Brolin is joined by numerous acclaimed actors, Jeff Daniels, Morgan Freeman, Paul Giamatti, diverse creative professionals, Tom Hanks, Ethan Hawke, Maya Hawke, celebrated film and stage performers, Damian Lewis, Laura Linney, Tobias Menzies, Edward Norton, David Oyelowo, Mandy Patinkin, small and big screen veterans, Dan Stevens, Meryl Streep.

Burns adds: “Honestly, this could represent the finest ensemble ever assembled for any movie or television show. They do an extraordinary service. They’re not picked because they’re celebrities. I became frustrated when someone asked, regarding the famous participants. I explained, ‘These are artists.’ They’re the finest actors in the world and they animate historical material.”

Historical Complexity

Nevertheless, no contemporary observers remain, modern media required the filmmakers to depend substantially on primary texts, integrating individual perspectives of numerous historical characters. This approach enabled to show spectators not only to the “bold-faced names” of the founders but also to “dozens of others crucial to understanding, many of whom never even had a portrait painted.
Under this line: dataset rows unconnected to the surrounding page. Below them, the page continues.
(* For every $\varepsilon\in[0,N)$, writing $C(0,r)=\{\zeta\in\mathbb C:|\zeta|=r\}$ and $F(\zeta)=\frac1N\mathrm{tr}\Big(\frac{1-\zeta}{N-\zeta(N-2+2Q)}\Big)$, \[ \min_{\zeta\in C(0,1-\varepsilon/N)}|F(\zeta)|=\frac1{N^2}\mathrm{tr}\left(\frac{\varepsilon}{2-2Q+\varepsilon-\frac{\varepsilon}N(2-2Q)}\right),\qquad \max_{\zeta\in C(0,1-\varepsilon/N)}|F(\zeta)|=\frac1{N^2}\mathrm{tr}\left(\frac{2-\frac\varepsilon N}{1+(1-\frac\varepsilon N)(1-\frac2N+\frac{2Q}N)}\right), \] and the minimum and maximum are attained at $\zeta=1-\varepsilon/N$ and $\zeta=-(1-\varepsilon/N)$ respectively. Here, for each eigenvalue $q$ of $Q$, the scalar function $\zeta\mapsto\frac{1-\zeta}{N-\zeta(N-2+2q)}$ is defined at its removable singularity in the natural way (for $q=1$ it equals the constant $1/N$), and when $\varepsilon=0$ the right-hand side of the minimum formula is read as $1/N^2$.
   Context: $E$ is a finite set with $N=\#E>8$ elements; $Q$ is an irreducible stochastic matrix on $E$ with $Q(x,y)=Q(y,x)$ for all $x,y$ and $\mathrm{tr}(Q)=0$. For a function $f$ defined on the spectrum of $Q$ (which lies in $[-1,1]$), $f(Q)$ is defined by functional calculus, so $\mathrm{tr}(f(Q))=\sum_q f(q)$ over eigenvalues $q$ of $Q$ counted with multiplicity; fractions of the form $\frac{a(Q)}{b(Q)}$ mean $f(Q)$ with $f(q)=a(q)/b(q)$. *)

From HB Require Import structures.
From mathcomp Require Import all_boot all_order all_algebra.
Set Implicit Arguments. Unset Strict Implicit. Unset Printing Implicit Defensive.
Import Order.TTheory GRing.Theory Num.Theory.
Local Open Scope ring_scope.

(* E is modelled as 'I_N; Q is a matrix with entries in a numeric closed
   field C (e.g. the complex numbers); nonnegativity 0 <= Q x y forces
   entries to be real. *)

Definition stochastic (C : numClosedFieldType) (N : nat) (Q : 'M[C]_N) : Prop :=
  (forall x y, 0 <= Q x y) /\ (forall x, \sum_y Q x y = 1).

Definition irreducible (C : numClosedFieldType) (N : nat) (Q : 'M[C]_N) : Prop :=
  forall x y, exists n : nat, 0 < (Q ^+ n) x y.

Definition Fscal (C : numClosedFieldType) (N : nat) (q zeta : C) : C :=
  if q == 1 then N%:R^-1
  else (1 - zeta) / (N%:R - zeta * (N%:R - 2 + 2 * q)).

(* F(zeta) = (1/N) tr f(Q) = (1/N) sum over eigenvalues (with multiplicity) *)
Definition Ffun (C : numClosedFieldType) (N : nat) (s : seq C) (zeta : C) : C :=
  N%:R^-1 * \sum_(q <- s) Fscal N q zeta.

Definition minval (C : numClosedFieldType) (N : nat) (s : seq C) (eps : C) : C :=
  if eps == 0 then (N%:R ^+ 2)^-1
  else (N%:R ^+ 2)^-1 *
       \sum_(q <- s) eps / (2 - 2 * q + eps - eps / N%:R * (2 - 2 * q)).

Definition maxval (C : numClosedFieldType) (N : nat) (s : seq C) (eps : C) : C :=
  (N%:R ^+ 2)^-1 *
  \sum_(q <- s) (2 - eps / N%:R) /
                (1 + (1 - eps / N%:R) * (1 - 2 / N%:R + 2 * q / N%:R)).

From HB Require Import structures.
From mathcomp Require Import all_boot all_order all_algebra.
From mathcomp Require Import ring.
Import Order.TTheory GRing.Theory Num.Theory.
Local Open Scope ring_scope.
Set Implicit Arguments. Unset Strict Implicit.

(* The spectrum of Q is real (Q is real symmetric), lies in [-1, 1] (Q is
   stochastic) and contains 1 exactly once: a row vector fixed by Q has
   vanishing Dirichlet form sum_{k,j} Q k j |v k - v j|^2, so it is constant
   on edges and, by irreducibility, constant; two distinct rows of a unitary
   matrix cannot both be constant.
   For real q in [-1, 1] and |z| = r, put a = N - 2 + 2q; then
   |N - z a| >= N - r a > 0.  Each summand of F is 1/N minus a term whose
   modulus is largest at z = r, which gives the minimum.  The maximum follows
   summand by summand from |f_q(z)| <= f_q(-r), a polynomial inequality in z
   and its conjugate once |z|^2 = r^2 is used. *)

Lemma char_poly_conj (R : comUnitRingType) n (P A : 'M[R]_n) : P \in unitmx ->
  char_poly (invmx P *m A *m P) = char_poly A.
Proof.
move=> P_unit; rewrite /char_poly /char_poly_mx.
have -> : 'X%:M - map_mx polyC (invmx P *m A *m P) =
    map_mx polyC (invmx P) *m ('X%:M - map_mx polyC A) *m map_mx polyC P.
  rewrite mulmxBr mulmxBl !map_mxM; congr (_ - _).
  rewrite -mulmxA mul_scalar_mx -scalemxAr -map_mxM mulVmx //.
  by rewrite map_mx1 scalemx1.
rewrite !det_mulmx !det_map_mx mulrC mulrA -rmorphM -det_mulmx mulmxV //.
by rewrite det1 rmorph1 mul1r.
Qed.

Lemma normalmx_char_poly (C : numClosedFieldType) n (A : 'M[C]_n) :
  A \is normalmx -> char_poly A = \prod_(i < n) ('X - (spectral_diag A 0 i)%:P).
Proof.
move=> /orthomx_spectralP A_spec; rewrite [in LHS]A_spec char_poly_conj ?spectral_unit //.
rewrite char_poly_trig ?diag_mx_is_trig //.
by apply: eq_bigr => i _; rewrite mxE eqxx mulr1n.
Qed.

Lemma row_spectralmx_eigen (C : numClosedFieldType) n (A : 'M[C]_n) i :
  A \is normalmx ->
  row i (spectralmx A) *m A = spectral_diag A 0 i *: row i (spectralmx A).
Proof.
move=> /orthomx_spectralP; set P := spectralmx A => A_spec.
have PA : P *m A = diag_mx (spectral_diag A) *m P.
  by rewrite [in LHS]A_spec !mulmxA mulmxV ?spectral_unit // mul1mx.
by rewrite -row_mul PA row_mul row_diag_mx -scalemxAl -rowE.
Qed.

Lemma unitarymx_const_rows (C : numClosedFieldType) m n (M : 'M[C]_(m, n))
    (i k : 'I_m) (j0 : 'I_n) :
  M \is unitarymx -> (forall j, M i j = M i j0) -> (forall j, M k j = M k j0) ->
  i = k.
Proof.
move=> /unitarymxP M_unitary Mi_const Mk_const; apply/eqP/negP => /negP i_neq_k.
have dot i' k' : \sum_j M i' j * (M k' j)^* = (i' == k')%:R.
  have /matrixP/(_ i' k') := M_unitary; rewrite !mxE => <-.
  by apply: eq_bigr => j _; rewrite !mxE.
have dot_const i' k' : (forall j, M i' j = M i' j0) -> (forall j, M k' j = M k' j0) ->
    M i' j0 * (M k' j0)^* *+ n = (i' == k')%:R.
  move=> Mi'_const Mk'_const; rewrite -(dot i' k').
  under eq_bigr do rewrite Mi'_const Mk'_const.
  by rewrite sumr_const card_ord.
have norm_i := dot_const i i Mi_const Mi_const.
have norm_k := dot_const k k Mk_const Mk_const.
have n_neq0 : (n == 0)%N = false.
  by apply/negbTE; rewrite -lt0n (leq_ltn_trans (leq0n _) (ltn_ord j0)).
move/eqP: (dot_const i k Mi_const Mk_const); rewrite (negbTE i_neq_k).
rewrite mulrn_eq0 n_neq0 /= mulf_eq0 conjC_eq0 => /orP[]/eqP Mj0.
- by move: norm_i; rewrite Mj0 mul0r mul0rn eqxx => /esym/eqP; rewrite oner_eq0.
- by move: norm_k; rewrite Mj0 mul0r mul0rn eqxx => /esym/eqP; rewrite oner_eq0.
Qed.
The filmmaker also explored his particular enthusiasm for maps and spatial representation. “Maps fascinate me,” he observes, “with greater cartographic content in this film than in all the other films throughout my entire career.”

Global Significance

The team filmed at nearly a hundred historical locations across North America and British sites to document environmental context and partnered extensively with re-enactors. These components unite to tell a story more violent, complex and globally significant than the one taught in schools.
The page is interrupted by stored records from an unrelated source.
Lemma lsum_outflow_le l L : NoDup L -> Forall (fun p => is_pt d (fst p) /\ is_pt d (snd p)) L ->
  lsum (outflow J l) L <= 2 * lsum (fun i => sigmaJ d J (exit_depth l i)) (cube d l).
Proof.
  intros HN HF. rewrite Forall_forall in HF.
  set (eqPt := list_eq_dec Z.eq_dec).
  rewrite (lsum_fibers eqPt _ (cube d l)); [|apply NoDup_cube|].
  2: { intros [a b] Hp Hn. unfold outflow. simpl in *.
       destruct (Z.leb_spec (norminf a) (Z.of_nat l)); [|reflexivity].
       exfalso. apply Hn, In_cube. split; [apply (HF _ Hp) | assumption]. }
  rewrite <- lsum_scal. apply lsum_le_in. intros i Hi. apply In_cube in Hi as [Hi Hil].
  set (Li := filter (fun p => if eqPt (fst p) i then true else false) L).
  assert (Hfst : forall p, In p Li -> fst p = i).
  { intros p Hp. apply filter_In in Hp as [_ Hp]. destruct (eqPt (fst p) i); congruence. }
  assert (HLi : forall p, In p Li -> In p L) by (intros p Hp; apply filter_In in Hp; tauto).
  set (K := filter (fun j => negb (Z.leb (norminf j) (Z.of_nat l))) (map snd Li)).
  transitivity (2 * lsum (J i) K).
  - apply Req_le. unfold K. rewrite lsum_filter, lsum_map, <- lsum_scal.
    apply lsum_ext_in. intros [a b] Hp. unfold outflow. simpl.
    pose proof (Hfst _ Hp) as Ha. simpl in Ha. subst a. rewrite (proj2 (Z.leb_le _ _) Hil).
    destruct (Z.leb (norminf b) (Z.of_nat l)); simpl; lra.
  - apply Rmult_le_compat_l; [lra|]. apply lsum_J_le_sigmaJ; auto.
    + apply NoDup_filter, NoDup_map_NoDup_ForallPairs; [|apply NoDup_filter; auto].
      intros x y Hx Hy E. apply injective_projections; auto. rewrite (Hfst x Hx), (Hfst y Hy). reflexivity.
    + apply Forall_forall. intros j Hj. apply filter_In in Hj as [Hj Hout].
      apply in_map_iff in Hj as [p [<- Hp]]. destruct (HF p (HLi p Hp)) as [_ Hp2].
      split; auto. apply Bool.negb_true_iff, Z.leb_gt in Hout.
      pose proof (norminf_sub_triangle (snd p) i ltac:(unfold Pt, is_pt in *; lia)).
      unfold exit_depth. rewrite Z2Nat.id by lia. lia.
Qed.

Lemma interaction_energy_le l :
  nnsum (fun p : Pt * Pt => is_pt d (fst p) /\ is_pt d (snd p) /\
                             (In (fst p) (cube d l) \/ In (snd p) (cube d l)))
        (fun p => J (fst p) (snd p) * (1 - psi l (fst p) * psi l (snd p)))
  <= 4 * lsum (fun i => sigmaJ d J (exit_depth l i)) (cube d l).
Proof.
  apply sup_R_least.
  - apply Rmult_le_pos; [lra|]. apply lsum_nonneg. intros; apply sigmaJ_nonneg.
  - intros x [L (HN & HF & ->)].
    assert (HF' : Forall (fun p => is_pt d (fst p) /\ is_pt d (snd p)) L)
      by (eapply Forall_impl; [|exact HF]; simpl; tauto).
    rewrite (lsum_ext_in _ _ (fun p => outflow J l p + outflow J l (snd p, fst p))).
    2: { intros [a b] Hp. rewrite Forall_forall in HF'. destruct (HF' _ Hp) as [Ha Hb].
         apply pair_energy_outflow. destruct HJ as (_ & HJ1 & _). apply HJ1; auto. }
    rewrite lsum_plus, <- (lsum_map (outflow J l) (fun p => (snd p, fst p))).
    pose proof (lsum_outflow_le l L HN HF').
    assert (lsum (outflow J l) (map (fun p => (snd p, fst p)) L)
            <= 2 * lsum (fun i => sigmaJ d J (exit_depth l i)) (cube d l)).
    { apply lsum_outflow_le.
      - apply NoDup_map_NoDup_ForallPairs; auto. intros [] [] _ _ E. simpl in E. congruence.
      - apply Forall_map. eapply Forall_impl; [|exact HF']. simpl; tauto. }
    lra.
Qed.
The film maintains, was no mere parochial quarrel over land, taxation and representation. Rather, the series depicts a blood-soaked struggle that ultimately drew in numerous countries and unexpectedly manifested what it calls “mankind’s greatest hopes”.

Internal Conflict Truth

Initial complaints and protests directed toward Britain by colonial residents across thirteen rebellious territories soon descended into a brutal civil conflict, setting brother against brother and creating local enmities. During the second installment, the historian Alan Taylor observes: “The primary misunderstanding about the American Revolution centers on assuming it constituted a consolidating event for colonists. This omits the fact that colonists battled fellow colonists.”

Sophisticated Interpretation

For him, the revolution is a story that “generally suffers from excessive romance and nostalgia and is incredibly superficial and fails to properly acknowledge actual events, and all the participants and the widespread bloodshed.”
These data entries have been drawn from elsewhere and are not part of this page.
(* Let $(X,\Sigma,\mu)$ be a semi-finite measure space, and let $E$ be the ideal in $\mathrm{L}^0(X,\Sigma,\mu)$ consisting of (equivalence classes of) measurable functions with $\sigma$-finite supports. Then $E$ admits a uo-Lebesgue topology, which is the topology of local convergence in measure, and $E$ has the countable sup property. Consequently: (1) every net in $E$ that converges locally in measure has an embedded sequence that converges almost everywhere as well as locally in measure to the same limit; (2) a sequence in $E$ converges locally in measure to $f\in E$ if and only if every subsequence has a further subsequence that converges almost everywhere to $f$.
   Context: $\mathrm{L}^0(X,\Sigma,\mu)$ is the vector lattice of measurable real functions modulo $\mu$-a.e. equality. A measure space is semi-finite if every set of infinite measure contains a measurable subset of finite positive measure. A net $(f_\alpha)$ converges locally in measure to $f$ if $\mu(\{t\in B: |f_\alpha(t)-f(t)|\geq\varepsilon\})\to0$ for every $\varepsilon>0$ and every $B\in\Sigma$ with $\mu(B)<\infty$. A uo-Lebesgue topology on a vector lattice is a Hausdorff linear topology with a zero neighbourhood basis of solid sets in which every uo-convergent net converges to the same limit (uo-convergence: $|x_\alpha-x|\wedge|y|\to0$ in order for all $y$; order convergence: there is a net $y_\beta\downarrow0$ such that for each $\beta_0$ eventually $|x_\alpha-x|\leq y_{\beta_0}$). Countable sup property: every subset with a supremum contains an at most countable subset with the same supremum. Embedded sequence: given a net $(x_\alpha)_{\alpha\in A}$, a sequence $(x_{\alpha_n})$ with $\alpha_1\leq\alpha_2\leq\dotsb$, strictly increasing when $A$ has no largest element. *)

From HB Require Import structures.
From mathcomp Require Import all_boot all_order all_algebra.
From mathcomp Require Import all_classical all_reals all_analysis.
Set Implicit Arguments. Unset Strict Implicit. Unset Printing Implicit Defensive.
Import Order.TTheory GRing.Theory Num.Theory.
Local Open Scope classical_set_scope.
Local Open Scope ring_scope.

Definition directed (A : Type) (le : A -> A -> Prop) : Prop :=
  (exists a : A, True) /\ (forall a, le a a) /\
  (forall a b c, le a b -> le b c -> le a c) /\
  (forall a b, exists c, le a c /\ le b c).

Definition ev_net (A : Type) (le : A -> A -> Prop) (P : A -> Prop) : Prop :=
  exists a0, forall a, le a0 a -> P a.

Definition natle (m n : nat) : Prop := (m <= n)%N.

Definition embedded (A : Type) (le : A -> A -> Prop) (alpha : nat -> A) : Prop :=
  (forall n, le (alpha n) (alpha n.+1)) /\
  ((~ exists a, forall b, le b a) ->
     forall n, le (alpha n) (alpha n.+1) /\ ~ le (alpha n.+1) (alpha n)).

Section Meas.
Context {d : measure_display} {T : measurableType d} {R : realType}.
Variable mu : {measure set T -> \bar R}.

Definition semi_finite : Prop :=
  forall A, measurable A -> mu A = +oo%E ->
    exists B, [/\ measurable B, B `<=` A & (0 < mu B < +oo)%E].

(* sigma-finite support (up to a null set, so invariant under a.e. equality) *)
Definition sigma_finite_support (f : T -> R) : Prop :=
  exists F : nat -> set T,
    (forall n, measurable (F n) /\ (mu (F n) < +oo)%E) /\
    mu.-negligible ([set t | f t != 0] `\` \bigcup_n F n).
Taylor maintains, a revolution that proclaimed the world-changing idea of inherent human rights; a bloody domestic struggle, dividing revolutionaries and royalists; and a global war, continuing previous patterns of wars between imperial nations for the “prize of North America”.

Contingent Historical Events

Burns also wanted {to rediscover the

Jennifer Olsen
Jennifer Olsen

Elara is a seasoned gaming enthusiast with years of experience in reviewing online casinos and sharing winning strategies.